(* Assume the standing conventions of the context. Let $\Psi=\binom{a_k}{b_l}$ be a consecutive pair in $Z_{\mathrm I}$ (so $l\in\{k-1,k\}$), and suppose $\mathcal D_{Z,Z'}\neq\emptyset$. Then $(\Lambda_\Psi,Z')\in\mathcal D_{Z,Z'}$ if and only if \[ \begin{cases} c_k\geq a_k\text{ and }b_k>d_k, & \text{if $m'=m$ and $l=k$};\\ a_k>c_k\text{ and }d_{k-1}\geq b_{k-1}, & \text{if $m'=m$ and $l=k-1$};\\ c_k>a_k\text{ and }b_k\geq d_k, & \text{if $m'=m+1$ and $l=k$};\\ a_k\geq c_k\text{ and }d_{k-1}>b_{k-1}, & \text{if $m'=m+1$ and $l=k-1$}. \end{cases} \]
   Context: A symbol is an array $\Lambda=\binom{a'_1,\ldots,a'_{m_1}}{b'_1,\ldots,b'_{m_2}}$ of two strictly decreasing finite sequences of nonnegative integers (top row, bottom row); its defect is $\mathrm{def}(\Lambda)=m_1-m_2$. Standing assumptions: $Z=\binom{a_1,\ldots,a_{m+1}}{b_1,\ldots,b_m}$ is a special symbol of defect $1$, i.e. $a_1\ge b_1\ge a_2\ge b_2\ge\cdots\ge b_m\ge a_{m+1}$; $Z'=\binom{c_1,\ldots,c_{m'}}{d_1,\ldots,d_{m'}}$ is a special symbol of defect $0$, i.e. $c_1\ge d_1\ge c_2\ge d_2\ge\cdots\ge c_{m'}\ge d_{m'}$; and $m'\in\{m,m+1\}$. For a symbol $Y$, $Y_{\mathrm I}$ is the set of entries of $Y$ occurring in exactly one row. For $M\subset Z_{\mathrm I}$, $\Lambda_M$ is the symbol obtained from $Z$ by moving every entry of $M$ to the other row (rows re-sorted decreasingly); for $N\subset Z'_{\mathrm I}$, $\Lambda_N$ is obtained from $Z'$ in the same way. $\overline{\mathcal S}_Z=\{\Lambda_M: M\subset Z_{\mathrm I}\}$, $\overline{\mathcal S}_{Z'}=\{\Lambda_N:N\subset Z'_{\mathrm I}\}$; $\mathcal S_{Z,1}$ (resp. $\mathcal S_{Z',0}$) is the set of elements of $\overline{\mathcal S}_Z$ of defect $1$ (resp. of $\overline{\mathcal S}_{Z'}$ of defect $0$). A consecutive pair in $Z'_{\mathrm I}$ is a two-element subset $\{c_k,d_l\}\subset Z'_{\mathrm I}$, written $\binom{c_k}{d_l}$, with $l\in\{k-1,k\}$; a consecutive pair in $Z_{\mathrm I}$ is $\{a_k,b_l\}\subset Z_{\mathrm I}$, written $\binom{a_k}{b_l}$, with $l\in\{k-1,k\}$. Relation $\overline{\mathcal B}^+_{Z,Z'}\subset\overline{\mathcal S}_Z\times\overline{\mathcal S}_{Z'}$: for $\Lambda=\binom{a'_1,\ldots,a'_{m_1}}{b'_1,\ldots,b'_{m_2}}\in\overline{\mathcal S}_Z$ and $\Lambda'=\binom{c'_1,\ldots,c'_{m'_1}}{d'_1,\ldots,d'_{m'_2}}\in\overline{\mathcal S}_{Z'}$, $(\Lambda,\Lambda')\in\overline{\mathcal B}^+_{Z,Z'}$ iff $\mathrm{def}(\Lambda')=1-\mathrm{def}(\Lambda)$ and: if $m'=m$, $a'_i>d'_i\ge a'_{i+1}$ for $1\le i\le m'_2$ and $b'_{i-1}>c'_i\ge b'_i$ for $1\le i\le m'_1$; if $m'=m+1$, $a'_i\ge d'_i>a'_{i+1}$ for $1\le i\le m'_2$ and $b'_{i-1}\ge c'_i>b'_i$ for $1\le i\le m'_1$; here $b'_0=+\infty$ and nonexistent entries $a'_j,b'_j$ beyond the row lengths are $-\infty$. Then $\mathcal D_{Z,Z'}=\overline{\mathcal B}^+_{Z,Z'}\cap(\mathcal S_{Z,1}\times\mathcal S_{Z',0})$. *)

From mathcomp Require Import all_boot all_order all_algebra.
Set Implicit Arguments. Unset Strict Implicit. Unset Printing Implicit Defensive.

INSTRUCTIONS TO FOLLOW: Copy out every line of the data above, exactly as given.

ANSWER TO THIS EXERCISE:
(* Assume the standing conventions of the context. Let $\Psi=\binom{a_k}{b_l}$ be a consecutive pair in $Z_{\mathrm I}$ (so $l\in\{k-1,k\}$), and suppose $\mathcal D_{Z,Z'}\neq\emptyset$. Then $(\Lambda_\Psi,Z')\in\mathcal D_{Z,Z'}$ if and only if \[ \begin{cases} c_k\geq a_k\text{ and }b_k>d_k, & \text{if $m'=m$ and $l=k$};\\ a_k>c_k\text{ and }d_{k-1}\geq b_{k-1}, & \text{if $m'=m$ and $l=k-1$};\\ c_k>a_k\text{ and }b_k\geq d_k, & \text{if $m'=m+1$ and $l=k$};\\ a_k\geq c_k\text{ and }d_{k-1}>b_{k-1}, & \text{if $m'=m+1$ and $l=k-1$}. \end{cases} \]
   Context: A symbol is an array $\Lambda=\binom{a'_1,\ldots,a'_{m_1}}{b'_1,\ldots,b'_{m_2}}$ of two strictly decreasing finite sequences of nonnegative integers (top row, bottom row); its defect is $\mathrm{def}(\Lambda)=m_1-m_2$. Standing assumptions: $Z=\binom{a_1,\ldots,a_{m+1}}{b_1,\ldots,b_m}$ is a special symbol of defect $1$, i.e. $a_1\ge b_1\ge a_2\ge b_2\ge\cdots\ge b_m\ge a_{m+1}$; $Z'=\binom{c_1,\ldots,c_{m'}}{d_1,\ldots,d_{m'}}$ is a special symbol of defect $0$, i.e. $c_1\ge d_1\ge c_2\ge d_2\ge\cdots\ge c_{m'}\ge d_{m'}$; and $m'\in\{m,m+1\}$. For a symbol $Y$, $Y_{\mathrm I}$ is the set of entries of $Y$ occurring in exactly one row. For $M\subset Z_{\mathrm I}$, $\Lambda_M$ is the symbol obtained from $Z$ by moving every entry of $M$ to the other row (rows re-sorted decreasingly); for $N\subset Z'_{\mathrm I}$, $\Lambda_N$ is obtained from $Z'$ in the same way. $\overline{\mathcal S}_Z=\{\Lambda_M: M\subset Z_{\mathrm I}\}$, $\overline{\mathcal S}_{Z'}=\{\Lambda_N:N\subset Z'_{\mathrm I}\}$; $\mathcal S_{Z,1}$ (resp. $\mathcal S_{Z',0}$) is the set of elements of $\overline{\mathcal S}_Z$ of defect $1$ (resp. of $\overline{\mathcal S}_{Z'}$ of defect $0$). A consecutive pair in $Z'_{\mathrm I}$ is a two-element subset $\{c_k,d_l\}\subset Z'_{\mathrm I}$, written $\binom{c_k}{d_l}$, with $l\in\{k-1,k\}$; a consecutive pair in $Z_{\mathrm I}$ is $\{a_k,b_l\}\subset Z_{\mathrm I}$, written $\binom{a_k}{b_l}$, with $l\in\{k-1,k\}$. Relation $\overline{\mathcal B}^+_{Z,Z'}\subset\overline{\mathcal S}_Z\times\overline{\mathcal S}_{Z'}$: for $\Lambda=\binom{a'_1,\ldots,a'_{m_1}}{b'_1,\ldots,b'_{m_2}}\in\overline{\mathcal S}_Z$ and $\Lambda'=\binom{c'_1,\ldots,c'_{m'_1}}{d'_1,\ldots,d'_{m'_2}}\in\overline{\mathcal S}_{Z'}$, $(\Lambda,\Lambda')\in\overline{\mathcal B}^+_{Z,Z'}$ iff $\mathrm{def}(\Lambda')=1-\mathrm{def}(\Lambda)$ and: if $m'=m$, $a'_i>d'_i\ge a'_{i+1}$ for $1\le i\le m'_2$ and $b'_{i-1}>c'_i\ge b'_i$ for $1\le i\le m'_1$; if $m'=m+1$, $a'_i\ge d'_i>a'_{i+1}$ for $1\le i\le m'_2$ and $b'_{i-1}\ge c'_i>b'_i$ for $1\le i\le m'_1$; here $b'_0=+\infty$ and nonexistent entries $a'_j,b'_j$ beyond the row lengths are $-\infty$. Then $\mathcal D_{Z,Z'}=\overline{\mathcal B}^+_{Z,Z'}\cap(\mathcal S_{Z,1}\times\mathcal S_{Z',0})$. *)

From mathcomp Require Import all_boot all_order all_algebra.
Set Implicit Arguments. Unset Strict Implicit. Unset Printing Implicit Defensive.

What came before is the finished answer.